Opinion

The More Things Change

the more things change

A report which came out this week, seems to show results which reinforce the old adage, the more things change, the more things stay the same.

The report I’m referring to is called ‘The Future of Trucking: The Way Forward’ and it’s been produced by Isuzu trucks. It has surveyed a wide representation of the industry to gauge exactly where Australian trucking industry and truck market are in 2024 .

It does tell us that there is change taking place, but quite often the reaction of the industry to that change is very similar to how it has reacted to changes in the past.

There is no surprise that trucking industry thinks that in the next three years growth will continue and that we will be seeing profit margins squeezed and rising fuel prices rising.

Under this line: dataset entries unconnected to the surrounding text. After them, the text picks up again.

(* Let $m\ge2$ and $t\ge1$, and let $H=K_{1,m}$ with center $v$ and leaves $v_1,\dots,v_m$. Let $T_H=\{v_1,\dots,v_{m-1}\}$ and $(T_H)_t=\{u_i^s: 1\le i\le m-1,\ 0\le s\le t\}$. Then $(T_H)_t$ is both a minimum twin cover and a minimum size determining set of $\mu_t(H)$; in particular $\det(\mu_t(K_{1,m}))=(t+1)(m-1)$.
   Context: All graphs are finite and simple. For a graph $G$ with $V(G)=\{v_1,\dots,v_n\}$ and an integer $t\ge1$, the generalized Mycielskian $\mu_t(G)$ has vertex set $\{u_i^s: 1\le i\le n,\ 0\le s\le t\}\cup\{w\}$, where $u_i^0$ is identified with $v_i$. Its edges are: $u_i^0u_j^0$ for each edge $v_iv_j$ of $G$; $u_i^su_j^{s+1}$ and $u_j^su_i^{s+1}$ for each edge $v_iv_j$ of $G$ and each $0\le s<t$; and $u_i^tw$ for all $1\le i\le n$. A set $S\subseteq V(G)$ is a determining set for $G$ if the only automorphism of $G$ fixing every vertex of $S$ is the identity; $\det(G)$ is the minimum size of a determining set. Two vertices are twins if they have the same open neighborhood. A minimum twin cover of a graph is a subset of its vertices of minimum size that contains at least one vertex from every pair of distinct twin vertices. *)

From mathcomp Require Import all_boot all_fingroup.
Set Implicit Arguments. Unset Strict Implicit. Unset Printing Implicit Defensive.

(* A simple graph: a symmetric irreflexive relation e on a finite type V. *)

Section Graphs.
Variables (V : finType) (e : rel V).

Definition is_automorphism (f : {perm V}) : bool :=
  [forall x, forall y, e (f x) (f y) == e x y].

Definition determining (S : {set V}) : bool :=
  [forall f : {perm V}, (is_automorphism f && [forall x in S, f x == x]) ==> (f == 1%g)].

(* det(G): minimum size of a determining set (V itself is always one) *)
Definition det_number : nat :=
  \big[minn/#|V|]_(S : {set V} | determining S) #|S|.

Definition min_determining_set (S : {set V}) : Prop :=
  determining S /\ forall S' : {set V}, determining S' -> #|S| <= #|S'|.

Definition nbhd (x : V) : {set V} := [set y | e x y].
Definition twins (x y : V) : bool := (x != y) && (nbhd x == nbhd y).

Definition twin_cover (S : {set V}) : bool :=
  [forall x, forall y, twins x y ==> (x \in S) || (y \in S)].

Definition min_twin_cover (S : {set V}) : Prop :=
  twin_cover S /\ forall S' : {set V}, twin_cover S' -> #|S| <= #|S'|.

End Graphs.

(* Generalized Mycielskian mu_t(G): vertex Some (x, s) is u_x^s (s = 0..t),
   None is the extra vertex w. *)
Definition myc_rel (V : finType) (e : rel V) (t : nat) : rel (option (V * 'I_t.+1)) :=
  fun a b =>
    match a, b with
    | Some (x, s), Some (y, r) =>
        e x y && [|| (val s == 0) && (val r == 0), val r == (val s).+1 | val s == (val r).+1]
    | Some (_, s), None => val s == t
    | None, Some (_, r) => val r == t
    | None, None => false
    end.

(* The star K_{1,m} on 'I_m.+1: center 0, leaves 1..m. *)
Definition star_rel (m : nat) : rel 'I_m.+1 :=
  fun i j => (val i == 0) != (val j == 0).

Definition TH_t (m t : nat) : {set option ('I_m.+1 * 'I_t.+1)} :=
  [set a | if a is Some (i, _) then (1 <= val i) && (val i <= m - 1) else false].

From mathcomp Require Import all_boot all_fingroup zify.
Set Implicit Arguments. Unset Strict Implicit. Unset Printing Implicit Defensive.

(* In a simple graph, swapping two twins is an automorphism,
   so every determining set is a twin cover; hence a twin cover of minimum
   size that is also determining is a minimum determining set, and its size
   is det(G).  Both "twin cover" and "determining" follow from one property:
   a set A "resolves the vertices outside S" if two vertices outside S with
   the same adjacencies to A coincide.  Such an S is a twin cover, and it is
   determining as soon as every automorphism fixing S also fixes A.  A twin
   cover lower bound is obtained by injecting a set T into any twin cover.

   In mu_t(K_{1,m}) the copies u_1^r of the first leaf (which
   lie in (T_H)_t) distinguish every non-leaf vertex from all others; hence
   they force automorphisms fixing (T_H)_t to fix the centre copies u_0^s,
   and the centre copies in turn separate the leaf copies u_m^s by level.
   So (T_H)_t together with the centre copies resolves the vertices outside
   (T_H)_t.  The leaf copies of a fixed level are pairwise twins, which gives
   the lower bound (t+1)(m-1) = |(T_H)_t| on any twin cover. *)

Lemma bigmin_le (I : finType) (P : pred I) (F : I -> nat) x0 i :
  P i -> \big[minn/x0]_(j | P j) F j <= F i.
Proof.
move=> Pi; have : i \in index_enum I by rewrite mem_index_enum.
elim: (index_enum I) => [|a l IH] //; rewrite inE big_cons => /orP [/eqP <-|/IH h].
  by rewrite Pi geq_minl.
by case: (P a) => //; rewrite geq_min h orbT.
Qed.

Section GraphFacts.
Variables (V : finType) (e : rel V).

Lemma aut_adj (f : {perm V}) : is_automorphism e f -> forall a b, e (f a) (f b) = e a b.
Proof. by move=> /forallP autf a b; apply/eqP; move/forallP: (autf a). Qed.

Lemma twins_adj x y : twins e x y -> forall z, e x z = e y z.
Proof. by case/andP=> _ /eqP/setP eqN z; have := eqN z; rewrite !inE. Qed.

Lemma det_number_min S : min_determining_set e S -> det_number e = #|S|.
Proof.
case=> detS minS; apply/eqP; rewrite eqn_leq (bigmin_le _ _ detS) /=.
apply: (big_ind (fun n => #|S| <= n)) => [|a b ha hb|S' /minS //].
  exact: max_card.
by rewrite leq_min ha hb.
Qed.

(* Lower bound for twin covers: if g sends each x in T outside T to a twin
   of x, then T injects into any twin cover S (send x to x if x is in S and
   to g x otherwise; two elements with the same image g x are twins). *)
Lemma twin_cover_lower_bound (S T : {set V}) (g : V -> V) :
  twin_cover e S -> {in T, forall x, (g x \notin T) && twins e x (g x)} ->
  #|T| <= #|S|.
Proof.
move=> /forallP coverS gT.
have cover x y : twins e x y -> (x \in S) || (y \in S).
  by move/forallP: (coverS x) => /(_ y)/implyP.
pose h x := if x \in S then x else g x.
have hS : {in T, forall x, h x \in S}.
  by move=> x /gT/andP[_ /cover]; rewrite /h; case: ifP.
have h_inj : {in T &, injective h}.
  move=> x y xT yT; rewrite /h.
  have /andP[gxT twx] := gT x xT; have /andP[gyT twy] := gT y yT.
  case: ifP => xS; case: ifP => yS // hxy.
  - by move: gyT; rewrite -hxy xT.
  - by move: gxT; rewrite hxy yT.
  apply/eqP/negPn/negP => nxy; suff /cover : twins e x y by rewrite xS yS.
  move: twx twy => /andP[_ /eqP Nx] /andP[_ /eqP Ny].
  by rewrite /twins nxy /= Nx Ny hxy.
rewrite -(card_in_imset h_inj); apply/subset_leq_card/subsetP.
by move=> _ /imsetP[x xT ->]; exact: hS.
Qed.

Definition resolves_outside (A S : {set V}) : Prop :=
  forall x z, x \notin S -> z \notin S -> {in A, forall a, e x a = e z a} -> x = z.

Lemma twin_cover_of_resolving A S : resolves_outside A S -> twin_cover e S.
Proof.
move=> resA; apply/forallP=> x; apply/forallP=> y; apply/implyP=> tw.
apply/negPn/negP=> /norP[xS yS]; move: (tw) => /andP[/eqP []].
by apply: resA => // a _; exact: twins_adj.
Qed.

(* If automorphisms fixing S also fix A, and A resolves the vertices outside
   S, then S is determining: an automorphism f fixing S maps a vertex x
   outside S to a vertex outside S with the same adjacencies to A. *)
Lemma determining_of_resolving A S : resolves_outside A S ->
  (forall f, is_automorphism e f -> {in S, forall x, f x = x} ->
             {in A, forall a, f a = a}) ->
  determining e S.
Proof.
move=> resA fixA; apply/forallP=> f; apply/implyP=> /andP[autf /forall_inP fixS].
have fS : {in S, forall x, f x = x} by move=> x /fixS/eqP.
have fA := fixA f autf fS.
apply/eqP/permP=> x; rewrite perm1.
have [//|xS] := boolP (x \in S); first exact: fS.
apply: resA => // [|a aA].
  by apply: contra xS => fxS; rewrite -(perm_inj (fS _ fxS)).
by rewrite -{1}(fA a aA) aut_adj.
Qed.

Section SimpleGraph.
Hypotheses (e_sym : symmetric e) (e_irr : irreflexive e).

Lemma twins_swap_aut x y : twins e x y -> is_automorphism e (tperm x y).
Proof.
move=> tw; have adj := twins_adj tw.
apply/forallP=> a; apply/forallP=> b; apply/eqP.
case: tpermP => [->|->|_ _]; case: tpermP => [->|->|_ _];
  by rewrite ?e_irr ?adj // ?(e_sym a) ?adj // e_sym.
Qed.

Lemma determining_twin_cover S : determining e S -> twin_cover e S.
Proof.
move=> detS; apply/forallP=> x; apply/forallP=> y; apply/implyP=> tw.
apply/negPn/negP=> /norP[xS yS].
have fixS : [forall z in S, tperm x y z == z].
  apply/forall_inP=> z zS; apply/eqP/tpermD.
    by apply: contraNneq xS => ->.
  by apply: contraNneq yS => ->.
move/forallP: detS => /(_ (tperm x y)); rewrite twins_swap_aut // fixS.
move=> /eqP swap1; move: tw; rewrite /twins -[y in x != y](tpermL x y).
by rewrite swap1 perm1 eqxx.
Qed.

Lemma min_determining_of_min_twin_cover S :
  min_twin_cover e S -> determining e S -> min_determining_set e S.
Proof. by case=> _ minS detS; split=> // S' /determining_twin_cover/minS. Qed.

End SimpleGraph.
End GraphFacts.

Definition level_adj (s r : nat) : bool :=
  [|| (s == 0) && (r == 0), r == s.+1 | s == r.+1].

Lemma level_adj_sym : symmetric level_adj.
Proof. by move=> s r; rewrite /level_adj; lia. Qed.

Lemma level_adj_pred s : level_adj s s.-1.
Proof. by rewrite /level_adj; lia. Qed.

Section Mycielskian.
Variables (V : finType) (e : rel V) (t : nat).
Local Notation M := (@myc_rel _ e t).

Lemma myc_rel_some x y (s r : 'I_t.+1) :
  M (Some (x, s)) (Some (y, r)) = e x y && level_adj s r.
Proof. by []. Qed.

Lemma myc_rel_sym : symmetric e -> symmetric M.
Proof.
move=> e_sym [[x s]|] [[y r]|] //.
by rewrite !myc_rel_some e_sym level_adj_sym.
Qed.

Lemma myc_rel_irr : irreflexive e -> irreflexive M.
Proof. by move=> e_irr [[x s]|] //; rewrite myc_rel_some e_irr. Qed.

Hypothesis ht : 1 <= t.

Lemma level_adj_inj (s s' : 'I_t.+1) :
  (forall r : 'I_t.+1, level_adj s r = level_adj s' r) -> s = s'.
Proof.
move=> H; have Hn r : r <= t -> level_adj s r = level_adj s' r.
  by move=> hr; have := H (inord r); rewrite inordK.
have lt_false (a b : nat) : a < b -> level_adj a a.-1 = level_adj b a.-1 ->
    level_adj a 1 = level_adj b 1 -> False.
  by rewrite /level_adj; lia.
have hs := ltn_ord s; have hs' := ltn_ord s'.
apply: val_inj; case: (ltngtP s s') => // lt; exfalso.
  by apply: (lt_false _ _ lt); apply: Hn; lia.
by apply: (lt_false _ _ lt); rewrite Hn //; lia.
Qed.

Lemma exists_level_adj (s : 'I_t.+1) : exists2 r : 'I_t.+1, level_adj s r & r != t :> nat.
Proof.
exists (inord s.-1); rewrite inordK ?level_adj_pred //; have := ltn_ord s; lia.
Qed.

Lemma level_adj_not_top (s : 'I_t.+1) :
  ~ (forall r : 'I_t.+1, level_adj s r = (r == t :> nat)).
Proof.
have [r adj_sr ntop] := exists_level_adj s.
by move=> /(_ r); rewrite adj_sr (negbTE ntop).
Qed.

End Mycielskian.

Lemma star_sym m : symmetric (@star_rel m).
Proof. by move=> i j; rewrite /star_rel eq_sym. Qed.

Lemma star_irr m : irreflexive (@star_rel m).
Proof. by move=> i; rewrite /star_rel eqxx. Qed.

Section StarMycielskian.
Variables (m t : nat) (hm : 2 <= m) (ht : 1 <= t).
Local Notation V := (option ('I_m.+1 * 'I_t.+1)).
Local Notation E := (@myc_rel _ (@star_rel m) t).
Local Notation TH := (TH_t m t).

Definition center (s : 'I_t.+1) : V := Some (ord0, s).
Definition first_leaf (r : 'I_t.+1) : V := Some (inord 1, r).
Definition centers : {set V} := [set center s | s : 'I_t.+1].
Definition is_leaf (x : V) : bool := if x is Some (i, _) then val i != 0 else false.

In my experience in this industry, I can’t remember a time, when we weren’t struggling with already slim profit margins getting ever slimmer and even though there are occasional drops in fuel prices, the general trend is always upwards.

Another thing which has always been with us is that the national freight task is growing and will continue to grow. This creates its own problems, as businesses have to adapt to expansion and the constant growth expectations from customers, in terms of the transport services they provide.

One change which does suggest a new direction for the trucking industry, and may represent an indication of a generational change taking place, is the fact that the initial purchase price of a truck has become a less important consideration and truck buyers are now looking at total cost of ownership (TCO) as a way of evaluating the equipment they will need to buy in order to run their business.

This change is something which is moving market sentiment across towards buying generic trucks straight off the end of a production line and is reducing the amount of customisation which is being done to individual trucks, apart from those in highly specialised freight tasks.

The attitude to new technology is a no-brainer, safety has become a more important aspect of the way operations are developed in trucking. Customers are demanding higher safety standards across the supply chain, at the same time as more and more of these automated and automatic safety systems are becoming standard on the trucks that we buy on a year-to-year basis.

I have to admit I am surprised by the indication by the industry of a ‘strong appetite’ for zero emission trucks. At the moment, the jury’s still out and the future development of zero emission trucks is not clear. Perhaps those responding to the survey are talking about their aspirations rather than their actual future plans. Talking to operators, many suggest to me that they are waiting and seeing how the new technology plays out.

Yes, there will be others who will not go down that wait-and-see route but are willing to stick their neck out and have a go. That is going to especially  be the case in those types of operation where electric trucks are clearly going to be the only solution which is going to be practical, like urban applications and those sorts of operation where are not large distances being covered and most of the work is done within an urban environment.

The trucking industry has always been predisposed to resisting, and then quickly embracing change, as I said, the more things change…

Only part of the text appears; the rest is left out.